I was having a discussion with sd the other day, and referenced this article here:

https://www.greencarcongress.com/2024/07/20240716-constelliumh2.html

' This casting was performed in a 12-ton furnace following strict internal procedures. Quality monitoring, including the use of Batscan technology, an inclusion detection tool for molten aluminum, was conducted and no quality impact from hydrogen combustion on metal was observed.'

I said that this seemed to show that aluminum production as well as steel could largely be decarbonised by the use of hydrogen, instead of the present coal, NG etc

sd raised the very valid point that this seemed to be about later processing of aluminum, not its initial production.

Now even then, aluminum has a high recycling rate, so hydrogen would be very handy for that.

I have now had a chance to find out a bit more about the initial process of making aluminum from bauxite:

https://www.mckinsey.com/industries/metals-and-mining/our-insights/aluminum-decarbonization-at-a-cost-that-makes-sense

' While the metal itself is sustainable, its production usually is not.
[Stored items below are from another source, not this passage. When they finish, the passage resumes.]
(* Consider the entry game with $\mathcal{W}=\{1,2\}$, $\mathcal{X}=\{0,1\}$, $\mathcal{C}(w)=\mathcal{X}$ for all $w$, and $F(m,w,x)=-x(-3m^x\{1\}+w)$. For $q\in[0,1]$ let $\lambda_q=q\delta_2+(1-q)\delta_1$. Then for each $q\in[0,1]$, $\mathcal{M}(\lambda_q)=\{m_q\}$, where $m_q\in\mathcal{P}(\mathcal{W}\times\mathcal{X})$ is given by: if $q\le1/3$, $m_q\{(1,0)\}=2/3$, $m_q\{(1,1)\}=1/3-q$, $m_q\{(2,0)\}=0$, $m_q\{(2,1)\}=q$; if $1/3<q<2/3$, $m_q\{(1,0)\}=1-q$, $m_q\{(1,1)\}=0$, $m_q\{(2,0)\}=0$, $m_q\{(2,1)\}=q$; if $q\ge2/3$, $m_q\{(1,0)\}=1-q$, $m_q\{(1,1)\}=0$, $m_q\{(2,0)\}=q-2/3$, $m_q\{(2,1)\}=2/3$.
   Context: $m^x$ denotes the second marginal of $m\in\mathcal{P}(\mathcal{W}\times\mathcal{X})$. For $\lambda\in\mathcal{P}(\mathcal{W})$, $\mathcal{M}(\lambda)$ (Cournot-Nash equilibria) is the set of $m\in\mathcal{P}(\mathcal{W}\times\mathcal{X})$ with first marginal $\lambda$ such that for $m$-a.e. $(w,x)$, $x\in\mathcal{C}(w)$ and $F(m,w,x)=\min_{y\in\mathcal{C}(w)}F(m,w,y)$. *)

From HB Require Import structures.
From mathcomp Require Import all_boot all_order all_algebra.
Set Implicit Arguments. Unset Strict Implicit. Unset Printing Implicit Defensive.
Import Order.TTheory GRing.Theory Num.Theory.
Local Open Scope ring_scope.

(* Player types W = {1,2}: encoded as 'I_2, index i standing for type i+1. *)
Definition W := 'I_2.
Definition X := 'I_2.
Definition w1 : W := ord0.
Definition w2 : W := ord_max.
Definition x0 : X := ord0.
Definition x1 : X := ord_max.

Section Game.
Variable R : numFieldType.

Definition wval (w : W) : R := (val w).+1%:R.
Definition xval (x : X) : R := (val x)%:R.

Definition is_prob (T : finType) (m : {ffun T -> R}) : Prop :=
  (forall t, 0 <= m t) /\ \sum_(t : T) m t = 1.

Definition marg_w (m : {ffun W * X -> R}) (w : W) : R := \sum_(x : X) m (w, x).
Definition marg_x (m : {ffun W * X -> R}) (x : X) : R := \sum_(w : W) m (w, x).

Definition C (w : W) : {set X} := [set: X].

Definition F (m : {ffun W * X -> R}) (w : W) (x : X) : R :=
  - xval x * (- 3 * marg_x m x1 + wval w).

(* m is a Cournot-Nash equilibrium with first marginal lambda:
   m in P(W x X), first marginal lambda, and for m-a.e. (w,x)
   (i.e. every atom of positive mass) x in C(w) and
   F(m,w,x) = min_{y in C(w)} F(m,w,y). *)
Definition CN_eq (lambda : {ffun W -> R}) (m : {ffun W * X -> R}) : Prop :=
  is_prob m /\
  (forall w, marg_w m w = lambda w) /\
  (forall w x, 0 < m (w, x) ->
     x \in C w /\ forall y, y \in C w -> F m w x <= F m w y).

Definition lambda_q (q : R) : {ffun W -> R} :=
  [ffun w => if w == w2 then q else 1 - q].

Definition m_q (q : R) : {ffun W * X -> R} :=
  [ffun p : W * X =>
     let '(w, x) := p in
     if q <= 3^-1 then
       (if w == w1 then (if x == x0 then 2/3 else 3^-1 - q)
        else (if x == x0 then 0 else q))
     else if q < 2/3 then
       (if w == w1 then (if x == x0 then 1 - q else 0)
        else (if x == x0 then 0 else q))
     else
       (if w == w1 then (if x == x0 then 1 - q else 0)
        else (if x == x0 then q - 2/3 else 2/3))].

End Game.

From HB Require Import structures.
From mathcomp Require Import all_boot all_order all_algebra.
From mathcomp Require Import lra.
Set Implicit Arguments. Unset Strict Implicit. Unset Printing Implicit Defensive.
Import Order.TTheory GRing.Theory Num.Theory.
Local Open Scope ring_scope.

(* Write s = m^x{1} for the mass of entrants.  Staying out costs 0 and entering
   costs 3s - w, so a type-w player enters only if 3s <= w and stays out only if
   3s >= w.  If 3s < 1 everybody enters and if 3s > 2 nobody does, both
   contradicting the value of s; so 1 <= 3s <= 2.  Then type 1 enters only if
   3s = 1 and type 2 stays out only if 3s = 2, which leaves three candidate
   profiles; nonnegativity and 1 <= 3s <= 2 make them valid exactly in the
   three regimes of q defining m_q. *)

Lemma ord2P (i : 'I_2) : i = ord0 \/ i = ord_max.
Proof. by case: i => -[|[|//]] ?; [left | right]; apply: val_inj. Qed.

Lemma big_ord2 (V : nmodType) (f : 'I_2 -> V) :
  \sum_(i < 2) f i = f ord0 + f ord_max.
Proof. by rewrite big_ord_recl big_ord1; congr (_ + f _); apply: val_inj. Qed.

Lemma sum_W_X (V : nmodType) (f : W * X -> V) :
  \sum_(p : W * X) f p = f (w1, x0) + f (w1, x1) + f (w2, x0) + f (w2, x1).
Proof.
rewrite (eq_bigr (fun p => f (p.1, p.2))); last by case.
rewrite -(pair_bigA _ (fun (w : W) (x : X) => f (w, x))) /=.
by rewrite big_ord2 !big_ord2 addrA.
Qed.

Lemma ge0_eq0_or (R : numDomainType) (a : R) (P : Prop) :
  0 <= a -> (0 < a -> P) -> a = 0 \/ P.
Proof. by rewrite le0r => /orP[/eqP | a_gt0 /(_ a_gt0)]; [left | right]. Qed.

Lemma W_ind (P : W -> Prop) : P w1 -> P w2 -> forall w, P w.
Proof. by move=> ? ? w; case: (ord2P w) => ->. Qed.

Lemma X_ind (P : X -> Prop) : P x0 -> P x1 -> forall x, P x.
Proof. by move=> ? ? x; case: (ord2P x) => ->. Qed.

Section EntryGame.
Variable R : realFieldType.
Implicit Types (q a b c d : R) (m : {ffun W * X -> R}).

Lemma marg_x1E m : marg_x m x1 = m (w1, x1) + m (w2, x1).
Proof. exact: big_ord2. Qed.

Lemma F_x0 m w : F m w x0 = 0.
Proof. by rewrite /F /xval mulr0n oppr0 mul0r. Qed.

Lemma F_x1 m w : F m w x1 = 3 * marg_x m x1 - wval R w.
Proof. rewrite /F /xval /=; lra. Qed.

(* [a], [b], [c], [d] are the masses of (1,0), (1,1), (2,0), (2,1), so that
   [b + d] is m^x{1}; the last four clauses are the best-response conditions. *)
Definition entry_equilibrium q a b c d : Prop :=
  [/\ [/\ 0 <= a, 0 <= b, 0 <= c & 0 <= d], a + b = 1 - q, c + d = q &
      [/\ 0 < a -> 1 <= 3 * (b + d), 0 < b -> 3 * (b + d) <= 1,
          0 < c -> 2 <= 3 * (b + d) & 0 < d -> 3 * (b + d) <= 2]].

Lemma CN_eq_lambda_qP q m :
  CN_eq (lambda_q q) m <->
  entry_equilibrium q (m (w1, x0)) (m (w1, x1)) (m (w2, x0)) (m (w2, x1)).
Proof.
have [w1E w2E] : wval R w1 = 1 /\ wval R w2 = 2 by [].
have [lambda1 lambda2] : lambda_q q w1 = 1 - q /\ lambda_q q w2 = q.
  by rewrite !ffunE.
have margE w : marg_w m w = m (w, x0) + m (w, x1) by exact: big_ord2.
split.
- case=> -[m_ge0 _] [m_marg m_br].
  have br w x y : 0 < m (w, x) -> F m w x <= F m w y.
    by move=> /m_br[_ ->] //; rewrite in_setT.
  split; first by split.
  + by rewrite -margE -lambda1.
  + by rewrite -margE -lambda2.
  + split=> [/(br _ _ x1) | /(br _ _ x0) | /(br _ _ x1) | /(br _ _ x0)];
      rewrite F_x0 F_x1 marg_x1E ?w1E ?w2E; lra.
- case=> -[a_ge0 b_ge0 c_ge0 d_ge0] mass1 mass2 [br_a br_b br_c br_d].
  split; [split | split].
  + by case=> w x; elim/W_ind: w; elim/X_ind: x.
  + by rewrite sum_W_X -addrA mass2 mass1 subrK.
  + by apply: W_ind; rewrite margE ?lambda1 ?lambda2.
  + move=> w x m_pos; split=> [|y _]; first by rewrite in_setT.
    move: m_pos; elim/W_ind: w; elim/X_ind: x; elim/X_ind: y => // m_pos;
      rewrite F_x0 F_x1 marg_x1E ?w1E ?w2E;
      [ move/br_a: m_pos | move/br_b: m_pos
      | move/br_c: m_pos | move/br_d: m_pos]; lra.
Qed.

Lemma entry_mass_bounds q a b c d :
  entry_equilibrium q a b c d -> 1 <= 3 * (b + d) <= 2.
Proof.
case=> -[a_ge0 b_ge0 c_ge0 d_ge0] mass1 mass2 [br_a br_b br_c br_d].
apply/andP; split.
- have [a0 | //] := ge0_eq0_or a_ge0 br_a.
  have [c0 | ] := ge0_eq0_or c_ge0 br_c; lra.
- have [d0 | //] := ge0_eq0_or d_ge0 br_d.
  have [b0 | ] := ge0_eq0_or b_ge0 br_b; lra.
Qed.

Lemma entry_equilibrium_cases q a b c d :
  entry_equilibrium q a b c d ->
  [\/ [/\ a = 1 - q, b = 0, c = 0 & d = q],
      [/\ a = 1 - q, b = 0, c = q - 2 / 3 & d = 2 / 3]
    | [/\ a = 2 / 3, b = 3^-1 - q, c = 0 & d = q]].
Proof.
move=> E; have /andP[s_ge s_le] := entry_mass_bounds E.
case: E => -[a_ge0 b_ge0 c_ge0 d_ge0] mass1 mass2 [_ br_b br_c _].
have [b0 | s1] := ge0_eq0_or b_ge0 br_b.
all: have [c0 | s2] := ge0_eq0_or c_ge0 br_c.
- by constructor 1; split; lra.
- by constructor 2; split; lra.
- by constructor 3; split; lra.
- lra.
Qed.

Lemma entry_equilibrium_unique q a b c d : 0 <= q <= 1 ->
  entry_equilibrium q a b c d ->
  [/\ a = m_q q (w1, x0), b = m_q q (w1, x1),
      c = m_q q (w2, x0) & d = m_q q (w2, x1)].
Proof.
move=> /andP[q_ge0 q_le1] E; have /andP[s_ge s_le] := entry_mass_bounds E.
have [[a_ge0 b_ge0 c_ge0 d_ge0] _ _ _] := E.
case: (entry_equilibrium_cases E) => -[? ? ? ?]; subst a b c d.
all: rewrite !ffunE /=.
all: case: (lerP q 3^-1) => q_small; [|case: (ltrP q (2 / 3)) => q_large].
all: by split; lra.
Qed.

Lemma entry_equilibrium_m_q q : 0 <= q <= 1 ->
  entry_equilibrium q (m_q q (w1, x0)) (m_q q (w1, x1))
                      (m_q q (w2, x0)) (m_q q (w2, x1)).
Proof.
move=> /andP[q_ge0 q_le1]; rewrite !ffunE /=.
case: (lerP q 3^-1) => q_small; [|case: (ltrP q (2 / 3)) => q_large].
all: by split; [split | | | split] => *; lra.
Qed.

End EntryGame.

Theorem proposition3p13 (R : realFieldType) (q : R) :
  0 <= q <= 1 ->
  forall m : {ffun W * X -> R}, CN_eq (lambda_q q) m <-> m = m_q q.
Proof.
move=> q01 m; rewrite CN_eq_lambda_qP; split=> [|->]; last first.
  exact: entry_equilibrium_m_q.
case/(entry_equilibrium_unique q01) => Ea Eb Ec Ed.
by apply/ffunP => -[w x]; elim/W_ind: w; elim/X_ind: x.
Qed.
Although abundant in the Earth’s soil and rocks, aluminum does not occur in its pure form and has to be extracted from compounds—a complicated process of refining and smelting that requires a large and constant load of electricity. To produce this energy, many countries rely on coal. Globally, about 55 percent of the electricity needed for aluminum smelters comes from coal-fired power plants (with 10 percent from natural-gas plants and 30 percent from hydropower).3 As a result, the aluminum industry is among the highest-emitting sectors in the world, accounting for about 2 percent of global greenhouse-gas (GHG) emissions.4'

And:

' Roughly 80 percent of primary aluminum GHG emissions are generated from smelting, of which 81 percent are associated with the electricity used for electrolysis.6 For aluminum smelters that have opted to supply this energy from their own power plants, as opposed to obtaining energy from the grid, solar or wind generation can be a useful addition. But due to their intermittency, these renewable sources won’t be able to fully power the process.'

And

'More widely applicable alternatives that could reduce nearly all thermal refining emissions are electric boilers powered by either wind or solar,9 hydrogen boilers supplied with green hydrogen, or boilers that employ MVR technology, an energy recovery process that can be used to recycle waste heat.10'

MVR:

'Mechanical Vapor Recompression (MVR) is a proven energy-saving evaporative concentration technology, which reduces evaporation energy use by 90% or more. MVR Thermodynamic Cycle. MVR uses energy recovered from the condensate to create a pure liquid distillate and a concentrated product/waste.'

So it is complex and challenging, and would use a variety of technologies, including hydrogen, but can be done.

The biggest producer of bauxite is Austalia, which also of course has massive renewables resources.

And of course much of the world's iron comes from there, which is currently largely made into steel in China.

Others have argued elsewhere that instead of concentrating on exporting hydrogen, which is tough to do, Australia should simply concentrate on repatriating steel production using their renewably produced hydrogen, an perhaps the same can be done for aluminum production.